I am trying to get a date from a user and send it inside an email as plain text in the following format: "07/30/2015".
In order to do that, if the output I am getting is a string, I could just do:
Date.parse("2015-07-30").strftime("%m/%d/%Y")
The problem is, I am getting a FixNum.
The issues are many:
If I try to convert to a string to parse it with Date.parse, it becomes "2001".
If I apply the code I just wrote, Date.parse... it will throw 'invalid date'.
For instance:
(2016-02-13).to_s #=> "2001"
(2016-02-13).to_date #=> NoMethodError: undefined method `to_date' for 2001:Fixnum
Date.parse("2001").strftime("%m/%d/%Y") #=> invalid date
So if I can convert 2015-07-30 into "2015-07-30", it would work:
Date.parse("2015-07-30").strftime("%m/%d/%Y") #=> "07/30/2015"
Then I tried using date_select instead of date_field, but now the message arrives with those fields empty.
Any suggestions?
Here is my form:
= form_for #contact do |f|
= f.text_field :product_name
= f.date_field :purchase_date
= f.submit
Here is my code:
<%= message.subject %>
<% #resource.mail_form_attributes.each do |attribute, value|
if attribute == "mail_subject"
next
end
%>
<%= "#{#resource.class.human_attribute_name(attribute)}: #{Date.parse(value).class == Date ? Date.parse(value).strftime("%m/%d/%Y") : value}" %>
<% end %>
My controller:
class ContactsController < ApplicationController
before_action :send_email, except: [:create]
def create
#contact = Contact.new(params[:contact])
#contact.request = request
if #contact.deliver
#thank = "Thank you for your message!"
#message = "We have received your inquiry and we'll be in touch shortly."
else
#error = "Cannot send message. Please, try again."
end
end
def contact_page
end
def product_complaint
#the_subject = "Product Complaint Form"
end
private
def send_email
#contact = Contact.new
end
end
My model:
class Contact < MailForm::Base
# all forms
attribute :mail_subject
attribute :first_name, validate: true
attribute :last_name, validate: true
# product-complaint
attribute :best_by, validate: true, allow_blank: true # date
attribute :bag_code, validate: true, allow_blank: true
attribute :purchase_date, validate: true, allow_blank: true # date
attribute :bag_opened, validate: true, allow_blank: true # date
attribute :problem_noticed, validate: true, allow_blank: true # date
# all forms
attribute :message, validate: true
attribute :nickname, captcha: true
def headers
{
content_type: "text/plain",
subject: %(#{mail_subject}),
to: "xxxxx#xxxxxxx.com",
# from: %("#{first_name.capitalize} #{last_name.capitalize}" <#{email.downcase}>)
from: "xxx#xxxxx.com"
}
end
end
(2016-02-13).to_date #=> NoMethodError: undefined method `to_date' for 2001:Fixnum
youre getting this error because you dont have quotes around the value. i.e. its not a string, its a number that is having subtraction applied to it. this is being interpreted as
2016 - 2
2014 - 13
2001.to_date
it needs to be ('2016-02-13').to_date
if youre unable to get it as a string, can you post how you're getting it from the user to begin with? (a date field ought to be sending you a string to your controller, not a series of numbers)
You're not understanding something about receiving values from forms: You can NOT receive an integer, a fixnum or anything else other than strings.
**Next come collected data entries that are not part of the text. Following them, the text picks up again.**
Lemma inner_addr (x y z : H) : inner x (vadd y z) = Cadd (inner x y) (inner x z).
Proof.
  rewrite (inner_conj (vadd y z) x), inner_addl, (inner_conj y x), (inner_conj z x).
  apply Ceq; csimpl; ring.
Qed.

Lemma inner_smulr c (x y : H) : inner x (smul c y) = Cmul (Cconj c) (inner x y).
Proof.
  rewrite (inner_conj (smul c y) x), inner_smull, (inner_conj y x).
  apply Ceq; csimpl; ring.
Qed.

Lemma inner_oppl (x y : H) : inner (vopp x) y = Copp (inner x y).
Proof. rewrite <- smul_m1, inner_smull. apply Ceq; csimpl; ring. Qed.

Lemma inner_oppr (x y : H) : inner x (vopp y) = Copp (inner x y).
Proof. rewrite <- smul_m1, inner_smulr. apply Ceq; csimpl; ring. Qed.

Lemma inner_0l (y : H) : inner vzero y = C0.
Proof. rewrite <- (smul_C0 y), inner_smull. apply Ceq; csimpl; ring. Qed.

Lemma inner_0r (y : H) : inner y vzero = C0.
Proof. rewrite <- (smul_C0 y), inner_smulr. apply Ceq; csimpl; ring. Qed.

Lemma im_inner_self (x : H) : im (inner x x) = 0.
Proof. pose proof (f_equal im (inner_conj x x)) as e. csimpl. lra. Qed.

Lemma re_inner_sym (x y : H) : re (inner y x) = re (inner x y).
Proof. rewrite inner_conj. reflexivity. Qed.

Lemma im_inner_sym (x y : H) : im (inner y x) = - im (inner x y).
Proof. rewrite inner_conj. reflexivity. Qed.

End VectorAlgebra.

Ltac expand := unfold vsub in *;
  repeat progress rewrite ?inner_addl, ?inner_addr, ?inner_smull, ?inner_smulr,
    ?inner_oppl, ?inner_oppr; csimpl.
Ltac expand_in h := unfold vsub in *;
  repeat progress rewrite ?inner_addl, ?inner_addr, ?inner_smull, ?inner_smulr,
    ?inner_oppl, ?inner_oppr in h; csimpl.

Definition sqnorm {H : HilbertSpace} (x : H) : R := re (inner x x).

Section Norms.
Context {H : HilbertSpace}.

Lemma sqnorm_ge0 (x : H) : 0 <= sqnorm x.
Proof. apply inner_pos. Qed.

Lemma sqnorm_eq0 (x : H) : sqnorm x = 0 -> x = vzero.
Proof. intro E. apply inner_def. apply Ceq; csimpl; [exact E | apply im_inner_self]. Qed.

Lemma vnorm_ge0 (x : H) : 0 <= vnorm x.
Proof. apply sqrt_pos. Qed.

Lemma vnorm_sq (x : H) : vnorm x * vnorm x = sqnorm x.
Proof. apply sqrt_sqrt, sqnorm_ge0. Qed.

Lemma vnorm_lt (x : H) eps : 0 < eps -> sqnorm x < eps * eps -> vnorm x < eps.
Proof.
  intros he hx. rewrite <- (sqrt_square eps) by lra.
  apply sqrt_lt_1_alt. split; [apply sqnorm_ge0 | exact hx].
Qed.

Lemma vnorm_sub_sym (x y : H) : vnorm (vsub x y) = vnorm (vsub y x).
Proof. unfold vnorm. f_equal. expand. ring. Qed.

Lemma quad_disc (a r q : R) :
  0 <= q -> (forall t, 0 <= a + 2 * t * r + t * t * q) -> r * r <= a * q.
Proof.
  intros hq Ht. destruct (Req_dec q 0) as [q0 | q0].
  - subst q. destruct (Req_dec r 0) as [r0 | r0]; [subst; lra |].
    specialize (Ht (- (a + 1) / (2 * r))). exfalso.
    assert (E : 2 * (- (a + 1) / (2 * r)) * r = - (a + 1)) by (field; auto). nra.
  - specialize (Ht (- r / q)).
    assert (E : (- r / q) * q = - r) by (field; auto).
    set (t := - r / q) in *. nra.
Qed.

Lemma cauchy_schwarz_re (x y : H) :
  re (inner x y) * re (inner x y) <= sqnorm x * sqnorm y.
Proof.
  apply quad_disc; [apply sqnorm_ge0 |]. intro t.
  pose proof (inner_pos (vadd x (smul (mkC t 0) y))) as P. expand_in P.
  pose proof (re_inner_sym x y). pose proof (im_inner_sym x y).
  pose proof (im_inner_self y). unfold sqnorm. nra.
Qed.

Lemma cauchy_schwarz_im (x y : H) :
  im (inner x y) * im (inner x y) <= sqnorm x * sqnorm y.
Proof.
  pose proof (cauchy_schwarz_re x (smul (mkC 0 1) y)) as P.
  unfold sqnorm in *. expand_in P. pose proof (im_inner_self y). nra.
Qed.

Lemma inner_parts_bound (x y : H) :
  Rabs (re (inner x y)) <= vnorm x * vnorm y /\
  Rabs (im (inner x y)) <= vnorm x * vnorm y.
Proof.
  unfold vnorm. rewrite <- sqrt_mult by apply sqnorm_ge0.
  rewrite <- !sqrt_Rsqr_abs. unfold Rsqr.
  split; apply sqrt_le_1_alt; [apply cauchy_schwarz_re | apply cauchy_schwarz_im].
Qed.

Lemma vnorm_triangle (x y : H) : vnorm (vadd x y) <= vnorm x + vnorm y.
Proof.
  assert (Hsq : sqnorm (vadd x y) <= (vnorm x + vnorm y) * (vnorm x + vnorm y)).
  { destruct (inner_parts_bound x y) as [Hre _].
    pose proof (Rle_abs (re (inner x y))). pose proof (re_inner_sym x y).
    pose proof (vnorm_sq x). pose proof (vnorm_sq y).
    unfold sqnorm in *. expand. nra. }
  unfold vnorm at 1. rewrite <- (sqrt_square (vnorm x + vnorm y)).
  - apply sqrt_le_1_alt, Hsq.
  - pose proof (vnorm_ge0 x). pose proof (vnorm_ge0 y). lra.
Qed.

End Norms.

Definition converges {H : HilbertSpace} (u : nat -> H) (x : H) : Prop :=
  forall eps, 0 < eps -> exists N, forall n, (N <= n)%nat -> vnorm (vsub (u n) x) < eps.

Definition cauchy {H : HilbertSpace} (u : nat -> H) : Prop :=
  forall eps, 0 < eps -> exists N, forall m n, (N <= m)%nat -> (N <= n)%nat ->
    vnorm (vsub (u m) (u n)) < eps.

Lemma cauchy_converges {H : HilbertSpace} (u : nat -> H) :
  cauchy u -> exists x, converges u x.
Proof. apply complete. Qed.

Lemma cauchy_dominated {H H' : HilbertSpace} (u : nat -> H) (w : nat -> H') :
  (forall m n, vnorm (vsub (w m) (w n)) <= vnorm (vsub (u m) (u n))) ->
  cauchy u -> cauchy w.
Proof.
  intros Hdom Hu eps he. destruct (Hu eps he) as [N HN].
  exists N. intros m n hm hn. specialize (HN m n hm hn). specialize (Hdom m n). lra.
Qed.

Lemma inv_succ_small (eps : R) :
  0 < eps -> exists N : nat, forall n, (N <= n)%nat -> / (INR n + 1) < eps.
Proof.
  intro he. destruct (archimed_cor1 eps he) as [N [h1 h2]]. exists N. intros n hn.
  apply Rle_lt_trans with (/ INR N); auto.
  apply Rinv_le_contravar; [apply lt_0_INR; auto |].
  apply le_INR in hn. lra.
Qed.

Lemma inv_succ_pos (n : nat) : 0 < / (INR n + 1).
Proof. pose proof (pos_INR n). apply Rinv_0_lt_compat; lra. Qed.

Lemma seq_choice {T : Type} (P : nat -> T -> Prop) :
  (forall n, exists x, P n x) -> exists u : nat -> T, forall n, P n (u n).
Proof.
  intro Hex. exists (fun n => proj1_sig (constructive_indefinite_description _ (Hex n))).
  intro n. exact (proj2_sig (constructive_indefinite_description _ (Hex n))).
Qed.

Lemma nonneg_infimum {T : Type} (P : T -> Prop) (f : T -> R) (t0 : T) :
  P t0 -> (forall t, P t -> 0 <= f t) ->
  exists d, 0 <= d /\ (forall t, P t -> d <= f t) /\
            (forall eps, 0 < eps -> exists t, P t /\ f t < d + eps).
Proof.
  intros Pt0 Hf.
  set (E := fun r => exists t, P t /\ r = - f t).
  destruct (completeness E) as [m [Hub Hlub]].
  - exists 0. intros r [t [Pt ->]]. specialize (Hf t Pt). lra.
  - exists (- f t0), t0. auto.
  - assert (Hm0 : m <= 0).
    { apply Hlub. intros r [t [Pt ->]]. specialize (Hf t Pt). lra. }
    exists (- m). split; [lra | split].
    + intros t Pt. assert (Et : E (- f t)) by (exists t; auto).
      specialize (Hub _ Et). lra.
    + intros eps he. apply NNPP; intro Hno.
      assert (Hub' : is_upper_bound E (m - eps)).
      { intros r [t [Pt ->]]. apply Rnot_lt_le. intro hlt.
        apply Hno. exists t. split; auto. lra. }
      specialize (Hlub _ Hub'). lra.
Qed.

Definition is_hsubspace {H : HilbertSpace} (S : H -> Prop) : Prop :=
  S vzero /\ (forall x y, S x -> S y -> S (vadd x y)) /\
  (forall c x, S x -> S (smul c x)).

Definition complete_subset {H : HilbertSpace} (S : H -> Prop) : Prop :=
  forall u, (forall n, S (u n)) -> cauchy u -> exists x, S x /\ converges u x.

Section Projection.
Context {H : HilbertSpace} (S : H -> Prop).
Hypothesis HS : is_hsubspace S.
Variable b : H.

(* Parallelogram law applied to the midpoint (a + c)/2 of S: if d bounds the
   squared distance from b to S from below, then points of S nearly realising
   d are close to each other. *)
Lemma near_minimizers_close (d : R) (a c : H) :
  (forall s, S s -> d <= sqnorm (vsub s b)) -> S a -> S c ->
  sqnorm (vsub a c) <= 2 * (sqnorm (vsub a b) - d) + 2 * (sqnorm (vsub c b) - d).
Proof.
  destruct HS as [_ [Sadd Ssmul]]. intros Hd Sa Sc.
  pose proof (Hd _ (Ssmul (mkC (/ 2) 0) _ (Sadd _ _ Sa Sc))) as Hmid.
  unfold sqnorm in *. expand_in Hmid. expand. lra.
Qed.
So, you can't have received 2016-02-13. Instead you got "2016-02-13" or "2016", "02" or "2" and "13" depending on the form. If you're running under Rails, then it got the strings, and through its meta-data understands you want an integer (which really should probably be defined as a string), and it converts it to an integer for you.
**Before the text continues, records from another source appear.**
(* For every integer $k\ge7$, $c_{n_k^*}\ge\frac14+\frac{1}{8(n_k^* )^{2/3}-4}$, where $$n_k^*=2k+2\sum_{i=1}^{\lfloor\sqrt{k/2}\rfloor}\left(2\left\lfloor\frac{2k-2i^2-i}{2}\right\rfloor+i\right).$$
   Context: A weighted digraph $D=(V,A,w)$ is a digraph without loops or parallel arcs (opposite arcs allowed) with weights $w:A\to\mathbb{R}_{\ge0}$; $w(D)$ is the total arc weight. For a partition $(X,Y)$ of $V$, $w(X,Y)$ is the total weight of arcs from $X$ to $Y$, and $\mathrm{mac}(D)=\max_{(X,Y)}w(X,Y)$. For an integer $\nu\ge1$, $c_\nu$ is the supremum of reals $c\ge0$ such that every acyclic weighted digraph $D$ whose longest directed path has exactly $\nu$ vertices satisfies $\mathrm{mac}(D)\ge c\cdot w(D)$. *)

From HB Require Import structures.
From mathcomp Require Import all_boot all_order all_algebra.
From mathcomp Require Import boolp classical_sets reals constructive_ereal ereal exp.
Set Implicit Arguments. Unset Strict Implicit. Unset Printing Implicit Defensive.
Import Order.TTheory GRing.Theory Num.Theory.

(* A weighted digraph on the vertex set 'I_n: an arc relation [A] (no loops
   required separately; parallel arcs are impossible by construction; opposite
   arcs allowed) and a weight function [w], only relevant on arcs. *)
Local Open Scope ring_scope.

Definition loopless (n : nat) (A : rel 'I_n) : Prop := forall x, ~~ A x x.

Definition nonneg_weights (R : realType) (n : nat) (A : rel 'I_n)
  (w : 'I_n -> 'I_n -> R) : Prop := forall x y, A x y -> 0 <= w x y.

Definition total_weight (R : realType) (n : nat) (A : rel 'I_n)
  (w : 'I_n -> 'I_n -> R) : R :=
  \sum_(x : 'I_n) \sum_(y : 'I_n | A x y) w x y.

Definition cut_weight (R : realType) (n : nat) (A : rel 'I_n)
  (w : 'I_n -> 'I_n -> R) (X : {set 'I_n}) : R :=
  \sum_(x in X) \sum_(y in ~: X | A x y) w x y.

Definition mac (R : realType) (n : nat) (A : rel 'I_n)
  (w : 'I_n -> 'I_n -> R) : R :=
  \big[Num.max/0]_(X : {set 'I_n}) cut_weight A w X.

(* directed path x :: s: consecutive arcs and pairwise distinct vertices;
   its number of vertices is (size s).+1 *)
Definition dipath (n : nat) (A : rel 'I_n) (x : 'I_n) (s : seq 'I_n) : bool :=
  path A x s && uniq (x :: s).

Definition acyclic (n : nat) (A : rel 'I_n) : Prop :=
  forall (x : 'I_n) (s : seq 'I_n), path A x s -> last x s = x -> s = [::].

Definition longest_path_vertices (n : nat) (A : rel 'I_n) (nu : nat) : Prop :=
  (exists x s, dipath A x s /\ (size s).+1 = nu) /\
  (forall x s, dipath A x s -> ((size s).+1 <= nu)%N).

Definition c_nu (R : realType) (nu : nat) : \bar R :=
  ereal_sup [set (c%:E : \bar R) | c in
    [set c : R | 0 <= c /\
      forall (n : nat) (A : rel 'I_n) (w : 'I_n -> 'I_n -> R),
        loopless A -> nonneg_weights A w -> acyclic A ->
        longest_path_vertices A nu ->
        c * total_weight A w <= mac A w]].

(* n_k^* ; note floor(sqrt(k/2)) = Nat.sqrt (k %/ 2) *)
Definition n_star (k : nat) : nat :=
  (2 * k + 2 * \sum_(1 <= i < (Nat.sqrt (k %/ 2)).+1)
                 (2 * ((2 * k - 2 * i ^ 2 - i) %/ 2) + i))%N.

From HB Require Import structures.
From mathcomp Require Import all_boot all_order all_algebra.
From mathcomp Require Import boolp classical_sets reals constructive_ereal ereal exp.
From mathcomp Require Import ring lra zify.
From Stdlib Require PeanoNat.
Set Implicit Arguments. Unset Strict Implicit. Unset Printing Implicit Defensive.
Import Order.TTheory GRing.Theory Num.Theory.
Either way, when you write:
(2016-02-13).to_s
(2016-02-13).to_date
you're propagating that misunderstanding into your testing. This is how it MUST be written because you need to be working with strings:
require 'active_support/core_ext/string/conversions'
("2016-02-13").to_s # => "2016-02-13"
("2016-02-13").to_date # => #<Date: 2016-02-13 ((2457432j,0s,0n),+0s,2299161j)>
You can create dates without them being strings though: Ruby's Date initializer allows us to pass the year, month and day value and receive a new Date object:
year, month, day = 2001, 1, 2
date = Date.new(year, month, day) # => #<Date: 2001-01-02 ((2451912j,0s,0n),+0s,2299161j)>
date.year # => 2001
date.month # => 1
date.day # => 2
Moving on...
Parsing dates in Ruby quickly demonstrates it's not a U.S.-centric language. Americans suppose all dates of 01/01/2001 are in "MM/DD/YYYY" but that's a poor assumption because much of the rest of the world uses "DD/MM/YYYY". Not knowing that means that code written under that assumption is doing the wrong thing. Consider this:
require 'date'
date = Date.parse('01/02/2001')
date.month # => 2
date.day # => 1
Obviously something "wrong" is happening, at least for 'mericans. This is very apparent with:
date = Date.parse('01/31/2001')
# ~> -:3:in `parse': invalid date (ArgumentError)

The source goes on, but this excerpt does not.